─── MATERIAL FOR THIS EXERCISE ───

Lemma Tied_poset : IsPoset S -> IsPoset C -> IsPoset Tied.
Proof.
  intros [PS1 PS2] [PC1 PC2]. split.
  - intros f g Hd Hc. simpl in *.
    pose proof (tmor_ok f) as (F1 & F2 & _ & F4).
    pose proof (tmor_ok g) as (G1 & G2 & _ & G4).
    apply TiedMor_ext; auto.
    + apply PC1; congruence.
    + rewrite Hd, Hc in F4.
      destruct (ttie (tsrc g)) as [[s m]|], (ttie (ttgt g)) as [[s' m']|],
        (ttiemor f) as [a|], (ttiemor g) as [b|]; simpl in *; try contradiction; auto.
      f_equal. apply PS1; intuition congruence.
  - intros f g Hd Hc. simpl in *.
    pose proof (tmor_ok f) as (F1 & F2 & F3 & F4).
    pose proof (tmor_ok g) as (G1 & G2 & G3 & G4).
    rewrite Hd in F1, F3, F4. rewrite Hc in F2, F3, F4.
    assert (Eb : tbase (ttgt g) = tbase (tsrc g)).
    { rewrite <- F1, <- F2. apply (PC2 (tmor f) (tmor g)); congruence. }
    apply TiedOb_ext; rewrite ?Hd, ?Hc; auto.
    + destruct (ttie (tsrc g)) as [[s m]|] eqn:E1, (ttie (ttgt g)) as [[s' m']|] eqn:E2,
        (ttiemor f) as [a|], (ttiemor g) as [b|]; simpl in *; try contradiction; auto.
      destruct (tied_spec E1) as (H1 & H2 & _), (tied_spec E2) as (H1' & H2' & _).
      assert (s' = s).
      { destruct F4 as (A1 & A2 & _), G4 as (B1 & B2 & _).
        rewrite <- A1, <- A2. apply (PS2 a b); congruence. }
      subst s'. f_equal. f_equal. apply PC1; congruence.
    + destruct (tmark (ttgt g)), (tmark (tsrc g)); auto;
        first [discriminate (G3 eq_refl) | discriminate (F3 eq_refl)].
Qed.

End TiedCategory.

Arguments tie_ob {G S C k} s.
Arguments tie_mor {G S C k} a.

(* Goals often mention the bare category [TiedCat k]; this restores
   [gc (Tied k)] so that lemmas about functors into [Tied k] match. *)
Ltac fold_tied := repeat change (TiedCat ?k) with (gc (Tied k)) in *.

(** * Full G-subcategories *)

Section FullSubcategory.
Variables (G : Group) (D : GCat G) (Q : Ob D -> Prop).
Hypothesis HQ : forall g d, Q d -> Q (aob D g d).

Definition FullOb := { d : Ob D | Q d }.
Definition FullMor := { m : Mor D | Q (dom m) /\ Q (cod m) }.

Definition full_dom (m : FullMor) : FullOb := exist _ (dom (proj1_sig m)) (proj1 (proj2_sig m)).
Definition full_cod (m : FullMor) : FullOb := exist _ (cod (proj1_sig m)) (proj2 (proj2_sig m)).

Lemma full_id_ok (x : FullOb) : Q (dom (idm (proj1_sig x))) /\ Q (cod (idm (proj1_sig x))).
Proof. rewrite dom_idm, cod_idm. destruct x; simpl; auto. Qed.

Definition full_id (x : FullOb) : FullMor := exist _ _ (full_id_ok x).

Lemma full_comp_ok (g f : FullMor) : cod (proj1_sig f) = dom (proj1_sig g) ->
  Q (dom (comp (proj1_sig g) (proj1_sig f))) /\ Q (cod (comp (proj1_sig g) (proj1_sig f))).
Proof.
  intro E. rewrite dom_comp, cod_comp by exact E.
  destruct f as [f [F1 F2]], g as [g [G1 G2]]; simpl; auto.
Qed.

Definition full_comp (g f : FullMor) : FullMor :=
  match excluded_middle_informative (cod (proj1_sig f) = dom (proj1_sig g)) with
  | left E => exist _ _ (full_comp_ok E)
  | right _ => f
  end.

Lemma full_comp_val (g f : FullMor) : cod (proj1_sig f) = dom (proj1_sig g) ->
  proj1_sig (full_comp g f) = comp (proj1_sig g) (proj1_sig f).
Proof.
  intro E. unfold full_comp.
  destruct (excluded_middle_informative _); [reflexivity | contradiction].
Qed.

Lemma full_cod_dom (f g : FullMor) :
  full_cod f = full_dom g -> cod (proj1_sig f) = dom (proj1_sig g).
Proof. intro E. exact (f_equal (@proj1_sig _ _) E). Qed.

Definition FullCat : Cat.
Proof.
  refine {| Ob := FullOb; Mor := FullMor; dom := full_dom; cod := full_cod;
            idm := full_id; comp := full_comp |}.
  - intro x. apply sig_ext, dom_idm.
  - intro x. apply sig_ext, cod_idm.
  - intros f g E. apply full_cod_dom in E. apply sig_ext; simpl.
    rewrite full_comp_val by exact E. apply dom_comp, E.
  - intros f g E. apply full_cod_dom in E. apply sig_ext; simpl.
    rewrite full_comp_val by exact E. apply cod_comp, E.
  - intro f. apply sig_ext. rewrite full_comp_val by (symmetry; apply dom_idm).
    apply comp_id_l.
  - intro f. apply sig_ext. rewrite full_comp_val by apply cod_idm.
    apply comp_id_r.
  - intros f g h E1 E2. apply full_cod_dom in E1, E2. apply sig_ext.
    rewrite !full_comp_val; auto.
    + apply comp_assoc; auto.
    + rewrite full_comp_val, dom_comp; auto.
    + rewrite full_comp_val, cod_comp; auto.
Defined.

Lemma full_act_ok (g : G) (m : FullMor) :
  Q (dom (amor D g (proj1_sig m))) /\ Q (cod (amor D g (proj1_sig m))).
Proof. rewrite amor_dom, amor_cod. destruct m as [m [M1 M2]]; simpl; auto. Qed.

Definition FullSub : GCat G.
Proof.
  refine {| gc := FullCat;
            aob := fun g (x : FullOb) => exist _ (aob D g (proj1_sig x)) (HQ g (proj2_sig x));
            amor := fun g (m : FullMor) => exist _ (amor D g (proj1_sig m)) (full_act_ok g m) |}.
  - intros; apply sig_ext, amor_dom.
  - intros; apply sig_ext, amor_cod.
  - intros; apply sig_ext, amor_id.
  - intros g f h E. apply full_cod_dom in E. apply sig_ext; simpl.
    rewrite !full_comp_val; auto.
    + apply amor_comp, E.
    + simpl. rewrite amor_cod, amor_dom, E. reflexivity.
  - intros; apply sig_ext, aob_one.
  - intros; apply sig_ext, amor_one.
  - intros; apply sig_ext, aob_mul.
  - intros; apply sig_ext, amor_mul.
Defined.

Definition full_inclF : Functor FullSub D.
Proof.
  refine (@Build_Functor FullSub D (@proj1_sig _ _) (@proj1_sig _ _) _ _ _ _);
    try reflexivity.
  intros f g E. apply full_comp_val, full_cod_dom, E.
Defined.

Definition full_incl : GFunctor FullSub D.
Proof. refine {| gf := full_inclF |}; reflexivity. Defined.

Lemma full_incl_inclusion : IsInclusion full_incl.
Proof. split; intros x y E; apply sig_ext, E. Qed.

Section Corestriction.
Variables (A : GCat G) (F : GFunctor A D) (HF : forall a, Q (fob F a)).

───

TASK PROMPT - Using the records above, copy all lines that include the word "ttgt".

ANSWER TO THIS TASK -
      destruct (ttie (tsrc g)) as [[s m]|], (ttie (ttgt g)) as [[s' m']|],
    assert (Eb : tbase (ttgt g) = tbase (tsrc g)).
    + destruct (ttie (tsrc g)) as [[s m]|] eqn:E1, (ttie (ttgt g)) as [[s' m']|] eqn:E2,
    + destruct (tmark (ttgt g)), (tmark (tsrc g)); auto;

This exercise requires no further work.